In Europe, the U.K.-based Pensions and Lifetime Savings Association (PLSA) has called for increased disclosure. A national association whose members include 1,300 pension schemes with over $1 trillion in assets, the PLSA sent a letter in December to the 350 largest British companies. It read:
It’s essential that pension funds know more about how the companies, in which they invest, manage and engage their employees. We know that engaged workers make for stronger companies and stronger companies make for better investment returns – creating an economy that works for everyone.
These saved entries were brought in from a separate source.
Definition s_i (i : 'I_m) (x : 'rV[R]_n) (mu : R) : R :=
  mu ^+ 2 * ln (expR (r i x / mu ^+ 2) + expR (- (r i x / mu ^+ 2))).

Definition E (x : 'rV[R]_n) (mu : R) : R := \sum_(i < m) s_i i x mu.

Definition E1 (x : 'rV[R]_n) (mu : R) : R := E x mu + mu ^+ 2 * sqnorm x / 2.

Definition gradE1 (x : 'rV[R]_n) (mu : R) : 'rV[R]_n * R :=
  (grad (fun y => E1 y mu) x, derive1 (fun t => E1 x t) mu).

Definition subdiff0 (x : 'rV[R]_n) (mu : R) : set ('rV[R]_n * R) :=
  if mu != 0 then [set gradE1 x mu]
  else [set l | (fun t => gradE1 x t) @ 0^' --> l].

Definition stationary (x : 'rV[R]_n) : Prop :=
  exists delta : 'I_m -> R,
    (forall i, r i x != 0 -> delta i = Num.sg (r i x)) /\
    (forall i, r i x = 0 -> -1 <= delta i <= 1) /\
    \sum_(i < m) delta i *: grad (r i) x = 0.

End Defs.

Definition affine (R : realType) (n : nat) (g : 'rV[R]_n -> R) : Prop :=
  exists (a : 'rV[R]_n) (b : R), forall x, g x = \sum_(j < n) a 0 j * x 0 j + b.

From HB Require Import structures.
From mathcomp Require Import all_boot all_order all_algebra.
From mathcomp Require Import all_classical all_reals all_analysis.
From mathcomp Require Import ring lra.
Import Order.TTheory GRing.Theory Num.Theory.
Import numFieldNormedType.Exports.
Local Open Scope classical_set_scope.
Local Open Scope ring_scope.

(* With [u := r / mu^2] each smoothing term is [s = mu^2 ln (2 cosh u)], so
   [ds/dx = tanh u * dr/dx] and [ds/dmu = 2 mu (ln (2 cosh u) - u tanh u)].
   Since [u tanh u < |u| < ln (2 cosh u)], the mu-derivative of E1 is [mu] times a
   positive number and vanishes only at [mu = 0].  As [mu -> 0], [tanh (r / mu^2)]
   tends to [sign r] at rate [mu^2 / |r|], so the x-gradient of E1 tends to
   [sum_i sign (r_i x) grad r_i x]; its vanishing makes [delta_i = sign (r_i x)] a
   stationarity certificate.  For affine [r_i], a certificate [delta] with
   [|delta_i| <= 1] and [delta_i r_i x = |r_i x|] gives
   [f x = sum_i delta_i r_i y <= f y]. *)

Section tanh.
Context {R : realType}.

Definition ln2cosh (u : R) := ln (expR u + expR (- u)).

Definition tanh (u : R) := (expR u - expR (- u)) / (expR u + expR (- u)).

Lemma tanh0 : tanh 0 = 0.
Proof. by rewrite /tanh oppr0 subrr mul0r. Qed.

Lemma is_derive_ln2cosh (k : R -> R) (t e : R) : is_derive t 1 k e ->
  is_derive t 1 (fun h => ln2cosh (k h)) (e * tanh (k t)).
Proof.
move=> hk.
have hexp : is_derive t 1 (expR \o k) (expR (k t) * e) by exact: is_derive1_comp.
have hexpN : is_derive t 1 (expR \o (- k)) (expR (- k t) * - e).
  by apply: is_derive1_comp; exact: is_deriveN.
have hpos : 0 < expR (k t) + expR (- k t) by rewrite addr_gt0 // expR_gt0.
have hln := @is_derive1_comp R (@ln R) _ t _ _
  (is_derive1_ln hpos) (is_deriveD hexp hexpN).
by apply: is_derive_eq hln _; rewrite /tanh; field; rewrite gt_eqF.
Qed.

Lemma mul_tanh_lt_ln2cosh (u : R) : u * tanh u < ln2cosh u.
Proof.
have hA := expR_gt0 u; have hB := expR_gt0 (- u).
rewrite /ln2cosh /tanh.
apply: (@le_lt_trans _ _ `|u|).
  rewrite mulrA ler_pdivrMr; last by lra.
  by case: (lerP 0 u) => hu; [rewrite ger0_norm | rewrite ltr0_norm]; nra.
rewrite -[X in X < _]expRK ltr_ln ?posrE ?addr_gt0 ?expR_gt0 //.
by case: (lerP 0 u) => hu; [rewrite ger0_norm | rewrite ltr0_norm]; lra.
Qed.

Lemma tanh_sg_dist_le (u : R) : u != 0 -> `|tanh u - Num.sg u| * `|u| <= 1.
Proof.
move=> u0.
have hA := expR_gt0 u; have hB := expR_gt0 (- u).
have hA1 := expR_ge1Dx u; have hB1 := expR_ge1Dx (- u).
have hAB : expR u * expR (- u) = 1 by rewrite -expRD subrr expR0.
move: hA hB hA1 hB1 hAB; rewrite /tanh.
set A := expR u; set B := expR (- u) => hA hB hA1 hB1 hAB.
have -> : (A - B) / (A + B) - Num.sg u = (A - B - Num.sg u * (A + B)) / (A + B).
  by field; lra.
rewrite normrM normfV (gtr0_norm (_ : 0 < A + B)); last by lra.
rewrite mulrAC ler_pdivrMr ?mul1r; last by lra.
case: (ltrgt0P u) u0 => hu // _.
  rewrite gtr0_sg // mul1r.
  have -> : A - B - (A + B) = - (2 * B) by ring.
  by rewrite normrN gtr0_norm; nra.
rewrite ltr0_sg // mulN1r.
have -> : A - B - - (A + B) = 2 * A by ring.
by rewrite gtr0_norm; nra.
Qed.

(* No hypothesis [a != 0] is needed: both sides vanish at [a = 0] since [0^-1 = 0]. *)
Lemma tanh_scaled_sg_le (a t : R) : t != 0 ->
  `|tanh (a / t ^+ 2) - Num.sg a| <= t ^+ 2 / `|a|.
Proof.
move=> t0; have t2 : 0 < t ^+ 2 by rewrite exprn_even_gt0.
have [->|a0] := eqVneq a 0; first by rewrite mul0r tanh0 sgr0 subrr !normr0 invr0 mulr0.
have u0 : a / t ^+ 2 != 0 by rewrite mulf_neq0 // invr_eq0 gt_eqF.
have := tanh_sg_dist_le _ u0.
rewrite sgrM sgrV (gtr0_sg t2) mulr1 normrM normfV (gtr0_norm t2).
have na : `|a| != 0 by rewrite normr_eq0.
move=> h; rewrite -(ler_pM2r (_ : 0 < `|a| / t ^+ 2)) ?divr_gt0 ?normr_gt0 //.
have -> : t ^+ 2 / `|a| * (`|a| / t ^+ 2) = 1 by field; rewrite t0 na.
exact: h.
Qed.

Lemma sum_tanh_sg_le (m : nat) (d a : 'I_m -> R) (c t : R) : t != 0 ->
  `|(\sum_(i < m) d i * tanh (a i / t ^+ 2) + t ^+ 2 * c)
      - \sum_(i < m) Num.sg (a i) * d i|
  <= t ^+ 2 * (\sum_(i < m) `|d i| / `|a i| + `|c|).
Proof.
move=> t0.
have -> : (\sum_(i < m) d i * tanh (a i / t ^+ 2) + t ^+ 2 * c)
    - \sum_(i < m) Num.sg (a i) * d i
  = \sum_(i < m) d i * (tanh (a i / t ^+ 2) - Num.sg (a i)) + t ^+ 2 * c.
  rewrite addrAC -sumrB; congr (_ + _); apply: eq_bigr => i _.
  by rewrite mulrBr (mulrC (Num.sg _)).
rewrite mulrDr mulr_sumr (le_trans (ler_normD _ _)) // lerD //.
  rewrite (le_trans (ler_norm_sum _ _ _)) // ler_sum // => i _.
  rewrite normrM mulrCA ler_wpM2l //; exact: tanh_scaled_sg_le.
by rewrite normrM ger0_norm // exprn_even_ge0.
Qed.

End tanh.

Section line_derivative.
Context {R : numFieldType} {V W : normedModType R}.

Lemma derive_along_line (f : V -> W) (x v : V) :
  'D_v f x = 'D_1 (fun h : R => f (h *: v + x)) 0.
Proof.
rewrite /derive; set g1 := fun h => h^-1 *: _; set g2 := fun h => h^-1 *: _.
suff -> : g1 = g2 by [].
by apply/funext => h; rewrite /g1 /g2 /= addr0 scale0r add0r [_%:A]mulr1.
Qed.

Lemma is_derive_alongP (f : V -> W) (x v : V) (d : W) :
  is_derive x v f d <-> is_derive (0 : R) (1 : R) (fun h : R => f (h *: v + x)) d.
Proof.
split=> -[fd fdE]; apply: DeriveDef.
- exact/(derivable1P f x v).
- by rewrite -derive_along_line.
- exact/(derivable1P f x v).
- by rewrite derive_along_line.
Qed.

End line_derivative.

Section real_derivative.
Context {R : realType}.

Lemma eq_is_derive (f g : R -> R) (x v d : R) :
  f =1 g -> is_derive x v f d -> is_derive x v g d.
Proof. by move=> /funext ->. Qed.

Lemma is_derive_quadratic0 (a b c : R) :
  is_derive (0 : R) (1 : R) (fun h : R => a + b * h + c * h ^+ 2) b.
Proof.
have hb := is_deriveZ b (is_derive_id (0 : R) 1).
have hc := is_deriveZ c (is_deriveX 2 (is_derive_id (0 : R) 1)).
have hsum := is_deriveD (is_deriveD (is_derive_cst a (0 : R) (1 : R)) hb) hc.
apply: eq_is_derive _ (is_derive_eq hsum _) => [h|].
  by rewrite /GRing.scale /= expr2.
by rewrite /GRing.scale /=; lra.
Qed.

Lemma is_derive_sqr (t : R) : is_derive t 1 (fun s : R => s ^+ 2) (2 * t).
Proof.
apply: eq_is_derive (is_derive_eq (is_deriveX 2 (is_derive_id t 1)) _) => //.
by rewrite /GRing.scale /= mulr1 expr1.
Qed.

Lemma is_derive_smoothing (a t : R) : t != 0 ->
  is_derive t 1 (fun s : R => s ^+ 2 * ln2cosh (a / s ^+ 2))
    (2 * t * (ln2cosh (a / t ^+ 2) - a / t ^+ 2 * tanh (a / t ^+ 2))).
Proof.
move=> t0; have t20 : t ^+ 2 != 0 by rewrite expf_neq0.
have hinv := is_deriveZ a
  (@is_deriveV R (fun s : R => s ^+ 2) t _ 1 t20 (is_derive_sqr t)).
have hM := is_deriveM (is_derive_sqr t) (is_derive_ln2cosh _ _ _ hinv).
apply: eq_is_derive _ (is_derive_eq hM _) => [h|]; first by rewrite !fctE.
by rewrite /ln2cosh /GRing.scale /=; field.
Qed.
Stock exchanges are also driving interest. NASDAQ has been a strong advocate and resource for its listed companies to disclose sustainability performance, including human capital. As part of its educational webinar series, NASDAQ recently hosted a discussion with Bernstein and Beeferman from Harvard to discuss their research and implications for corporate reporters.
The corporate reporting angle
Corporations, too, are finding value in investing in employees and disclosing on practices. The Global Reporting Initiative, International Integrated Reporting Council (IIRC), and Sustainability Accounting Standards Board (SASB) all include human capital metrics in their reporting frameworks. They’re continuously improving guidance, and recently the GRI commenced a new to review its standards for occupational health and safety.
Regardless if they’ve begun to report, most companies know that enabling employees to deliver their best is good for business. Edwards Lifesciences is a prime example. The executive-sponsored Edwards Total Wellness (PDF) program takes a holistic approach to well-being, offering programs not just in nutrition and physical fitness but also for community service, education and financial competency.
Edwards discloses progress in an online sustainability report, targeted both toward investors and other stakeholders. In it, they report how the company has achieved per-employee health costs of 8.2 percent below the market rate. Edwards sends a clear message: Investing in employees is good for the bottom line.
It’s also a competitive necessity. According to the 2016 Deloitte Millennial Survey (PDF), 87 percent of millennials believe that "the success of a business should be measured in terms of more than just its financial performance." At the same time, two in three millennials expect to leave their current employer by 2020. As the fight for top talent continues, companies that create safe and healthy working environments will be best positioned to retain younger employees.
The next phase
During a workshop to take place March 31, key stakeholders will discuss the state of human capital management and disclosure. Speakers will include representatives from the CSHS, Harvard Law School, RobecoSAM, the PLSA, the Human Capital Management Coalition and NASDAQ, among other corporate, nonprofit and academic attendees. The workshop precedes the formal release of the Harvard study in late 2017, with the end goal being for companies to consider the safety, health and well-being of employees as core to their business.